*WHAT THIS TASK INVOLVES:*
Pull every line with "ltmN" from the data.

*DATA IN THIS EXERCISE:*
□ □ □
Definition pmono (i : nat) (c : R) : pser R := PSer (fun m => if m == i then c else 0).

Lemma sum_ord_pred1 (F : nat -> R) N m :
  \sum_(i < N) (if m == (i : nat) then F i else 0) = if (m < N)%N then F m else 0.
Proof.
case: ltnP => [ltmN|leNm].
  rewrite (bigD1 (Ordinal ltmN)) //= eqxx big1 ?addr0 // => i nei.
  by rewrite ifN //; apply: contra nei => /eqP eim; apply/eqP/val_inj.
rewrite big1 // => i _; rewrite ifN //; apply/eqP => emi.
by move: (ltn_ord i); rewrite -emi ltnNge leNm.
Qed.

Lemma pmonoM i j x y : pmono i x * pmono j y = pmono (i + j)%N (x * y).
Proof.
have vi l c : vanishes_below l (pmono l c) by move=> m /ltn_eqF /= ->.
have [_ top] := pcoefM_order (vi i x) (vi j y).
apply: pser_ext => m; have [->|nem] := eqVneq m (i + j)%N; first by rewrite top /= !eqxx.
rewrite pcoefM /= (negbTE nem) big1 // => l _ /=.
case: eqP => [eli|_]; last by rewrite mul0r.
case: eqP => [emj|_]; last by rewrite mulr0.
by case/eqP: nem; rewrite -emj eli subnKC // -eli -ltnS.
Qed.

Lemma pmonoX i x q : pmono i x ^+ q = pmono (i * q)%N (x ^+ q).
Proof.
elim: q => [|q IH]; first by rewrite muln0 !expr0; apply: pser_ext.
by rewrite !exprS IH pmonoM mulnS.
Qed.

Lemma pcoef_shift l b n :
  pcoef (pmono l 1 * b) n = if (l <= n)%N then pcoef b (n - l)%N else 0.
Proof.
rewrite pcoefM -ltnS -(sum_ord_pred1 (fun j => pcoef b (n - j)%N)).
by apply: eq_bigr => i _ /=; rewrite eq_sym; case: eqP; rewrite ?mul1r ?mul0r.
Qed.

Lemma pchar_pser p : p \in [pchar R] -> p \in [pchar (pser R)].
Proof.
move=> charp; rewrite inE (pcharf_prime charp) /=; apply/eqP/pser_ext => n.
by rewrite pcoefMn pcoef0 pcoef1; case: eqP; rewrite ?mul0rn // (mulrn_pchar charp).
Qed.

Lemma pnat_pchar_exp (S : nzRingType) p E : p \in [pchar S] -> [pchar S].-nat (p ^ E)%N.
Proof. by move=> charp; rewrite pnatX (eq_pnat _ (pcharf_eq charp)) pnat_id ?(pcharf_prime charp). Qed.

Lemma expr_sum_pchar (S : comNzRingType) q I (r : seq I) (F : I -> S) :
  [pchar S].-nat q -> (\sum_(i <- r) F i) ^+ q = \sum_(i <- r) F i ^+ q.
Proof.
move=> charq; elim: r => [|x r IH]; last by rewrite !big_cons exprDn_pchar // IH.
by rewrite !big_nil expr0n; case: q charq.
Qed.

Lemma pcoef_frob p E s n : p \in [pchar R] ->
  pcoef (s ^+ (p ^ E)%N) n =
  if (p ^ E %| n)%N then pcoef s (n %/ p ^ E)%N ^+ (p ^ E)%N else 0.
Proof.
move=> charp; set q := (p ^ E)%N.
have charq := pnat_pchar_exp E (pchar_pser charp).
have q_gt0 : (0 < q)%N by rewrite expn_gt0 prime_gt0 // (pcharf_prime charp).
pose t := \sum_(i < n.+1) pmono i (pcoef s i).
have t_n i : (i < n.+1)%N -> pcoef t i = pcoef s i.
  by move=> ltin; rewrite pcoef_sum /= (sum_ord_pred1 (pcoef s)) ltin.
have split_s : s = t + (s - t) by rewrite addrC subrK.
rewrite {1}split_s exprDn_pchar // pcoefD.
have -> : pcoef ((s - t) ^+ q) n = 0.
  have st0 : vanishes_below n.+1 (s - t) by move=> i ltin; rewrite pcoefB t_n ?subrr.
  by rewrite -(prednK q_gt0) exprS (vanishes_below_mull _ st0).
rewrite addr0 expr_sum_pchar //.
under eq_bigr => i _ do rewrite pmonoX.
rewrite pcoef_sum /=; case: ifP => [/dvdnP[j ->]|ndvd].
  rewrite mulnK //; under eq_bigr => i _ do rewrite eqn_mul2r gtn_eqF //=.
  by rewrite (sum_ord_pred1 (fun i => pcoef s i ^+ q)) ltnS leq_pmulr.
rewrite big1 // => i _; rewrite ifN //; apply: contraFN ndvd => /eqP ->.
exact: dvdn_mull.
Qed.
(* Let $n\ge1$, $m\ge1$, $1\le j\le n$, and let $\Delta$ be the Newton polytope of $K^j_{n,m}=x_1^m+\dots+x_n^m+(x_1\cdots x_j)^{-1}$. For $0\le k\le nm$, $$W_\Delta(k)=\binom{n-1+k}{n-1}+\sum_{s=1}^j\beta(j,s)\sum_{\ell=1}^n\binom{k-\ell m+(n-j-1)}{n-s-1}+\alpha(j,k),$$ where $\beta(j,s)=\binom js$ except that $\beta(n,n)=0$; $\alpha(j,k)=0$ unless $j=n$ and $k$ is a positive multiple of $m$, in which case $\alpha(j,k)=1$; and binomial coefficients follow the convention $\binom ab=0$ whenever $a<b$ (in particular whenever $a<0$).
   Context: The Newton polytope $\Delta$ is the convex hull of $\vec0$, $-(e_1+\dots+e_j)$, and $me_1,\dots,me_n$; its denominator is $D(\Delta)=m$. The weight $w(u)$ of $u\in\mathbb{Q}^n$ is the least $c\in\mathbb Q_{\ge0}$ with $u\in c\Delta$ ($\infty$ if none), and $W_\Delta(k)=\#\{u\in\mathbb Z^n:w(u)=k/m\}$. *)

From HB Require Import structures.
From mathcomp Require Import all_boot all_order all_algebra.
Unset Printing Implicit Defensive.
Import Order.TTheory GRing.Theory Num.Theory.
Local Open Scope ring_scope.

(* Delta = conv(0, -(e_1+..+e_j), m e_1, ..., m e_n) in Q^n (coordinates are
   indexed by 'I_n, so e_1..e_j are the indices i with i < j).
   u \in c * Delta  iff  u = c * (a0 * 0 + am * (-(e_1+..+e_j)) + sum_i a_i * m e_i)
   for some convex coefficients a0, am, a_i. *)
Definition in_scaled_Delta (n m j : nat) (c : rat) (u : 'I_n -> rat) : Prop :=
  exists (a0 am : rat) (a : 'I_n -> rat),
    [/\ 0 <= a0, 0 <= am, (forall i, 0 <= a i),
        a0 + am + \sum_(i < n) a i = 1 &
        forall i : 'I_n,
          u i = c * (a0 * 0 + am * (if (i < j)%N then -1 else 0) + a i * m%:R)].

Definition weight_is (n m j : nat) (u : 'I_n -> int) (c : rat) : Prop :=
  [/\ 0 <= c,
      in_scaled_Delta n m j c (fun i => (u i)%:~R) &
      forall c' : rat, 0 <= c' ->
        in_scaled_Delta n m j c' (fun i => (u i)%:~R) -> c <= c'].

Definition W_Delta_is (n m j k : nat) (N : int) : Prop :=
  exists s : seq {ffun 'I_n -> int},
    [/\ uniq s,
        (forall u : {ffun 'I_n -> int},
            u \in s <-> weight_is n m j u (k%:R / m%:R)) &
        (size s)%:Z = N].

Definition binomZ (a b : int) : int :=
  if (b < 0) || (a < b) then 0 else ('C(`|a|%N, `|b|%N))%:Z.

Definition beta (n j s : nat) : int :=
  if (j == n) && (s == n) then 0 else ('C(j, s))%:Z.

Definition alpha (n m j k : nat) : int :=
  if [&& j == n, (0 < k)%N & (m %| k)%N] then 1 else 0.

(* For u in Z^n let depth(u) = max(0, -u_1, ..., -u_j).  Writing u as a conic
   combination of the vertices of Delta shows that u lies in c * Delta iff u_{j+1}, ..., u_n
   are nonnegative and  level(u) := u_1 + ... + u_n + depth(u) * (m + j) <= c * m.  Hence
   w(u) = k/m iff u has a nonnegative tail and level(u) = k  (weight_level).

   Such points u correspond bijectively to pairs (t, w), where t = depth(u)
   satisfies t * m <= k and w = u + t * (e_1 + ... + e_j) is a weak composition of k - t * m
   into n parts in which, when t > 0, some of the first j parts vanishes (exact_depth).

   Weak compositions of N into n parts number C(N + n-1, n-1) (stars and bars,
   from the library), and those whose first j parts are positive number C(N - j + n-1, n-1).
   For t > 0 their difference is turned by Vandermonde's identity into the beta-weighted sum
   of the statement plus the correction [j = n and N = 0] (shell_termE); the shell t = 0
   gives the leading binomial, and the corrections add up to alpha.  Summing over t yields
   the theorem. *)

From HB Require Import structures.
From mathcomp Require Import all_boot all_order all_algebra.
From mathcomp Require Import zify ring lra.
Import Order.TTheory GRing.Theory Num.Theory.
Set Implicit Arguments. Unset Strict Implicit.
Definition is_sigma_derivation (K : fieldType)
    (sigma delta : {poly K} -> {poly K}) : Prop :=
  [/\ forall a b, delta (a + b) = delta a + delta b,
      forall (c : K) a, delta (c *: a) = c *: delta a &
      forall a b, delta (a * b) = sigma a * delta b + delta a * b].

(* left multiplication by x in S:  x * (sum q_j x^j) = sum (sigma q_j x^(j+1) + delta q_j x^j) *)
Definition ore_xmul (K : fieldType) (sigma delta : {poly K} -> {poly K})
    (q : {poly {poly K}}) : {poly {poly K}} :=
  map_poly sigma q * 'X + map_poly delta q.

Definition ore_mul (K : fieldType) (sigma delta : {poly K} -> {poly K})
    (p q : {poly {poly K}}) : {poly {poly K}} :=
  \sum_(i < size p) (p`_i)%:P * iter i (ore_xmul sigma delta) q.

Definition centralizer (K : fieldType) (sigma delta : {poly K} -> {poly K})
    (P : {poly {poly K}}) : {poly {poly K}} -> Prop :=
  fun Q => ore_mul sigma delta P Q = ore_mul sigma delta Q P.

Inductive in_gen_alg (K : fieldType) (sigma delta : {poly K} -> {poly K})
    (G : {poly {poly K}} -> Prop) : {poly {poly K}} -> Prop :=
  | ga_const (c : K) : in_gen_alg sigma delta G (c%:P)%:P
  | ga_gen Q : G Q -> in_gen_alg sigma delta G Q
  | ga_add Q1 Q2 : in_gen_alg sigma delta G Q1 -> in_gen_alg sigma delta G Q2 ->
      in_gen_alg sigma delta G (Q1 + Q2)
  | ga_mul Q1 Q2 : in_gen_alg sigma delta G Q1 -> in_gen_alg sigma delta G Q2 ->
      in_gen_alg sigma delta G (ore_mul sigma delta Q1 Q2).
□ □ □
*EXERCISE SOLUTION:*
case: ltnP => [ltmN|leNm].
  rewrite (bigD1 (Ordinal ltmN)) //= eqxx big1 ?addr0 // => i nei.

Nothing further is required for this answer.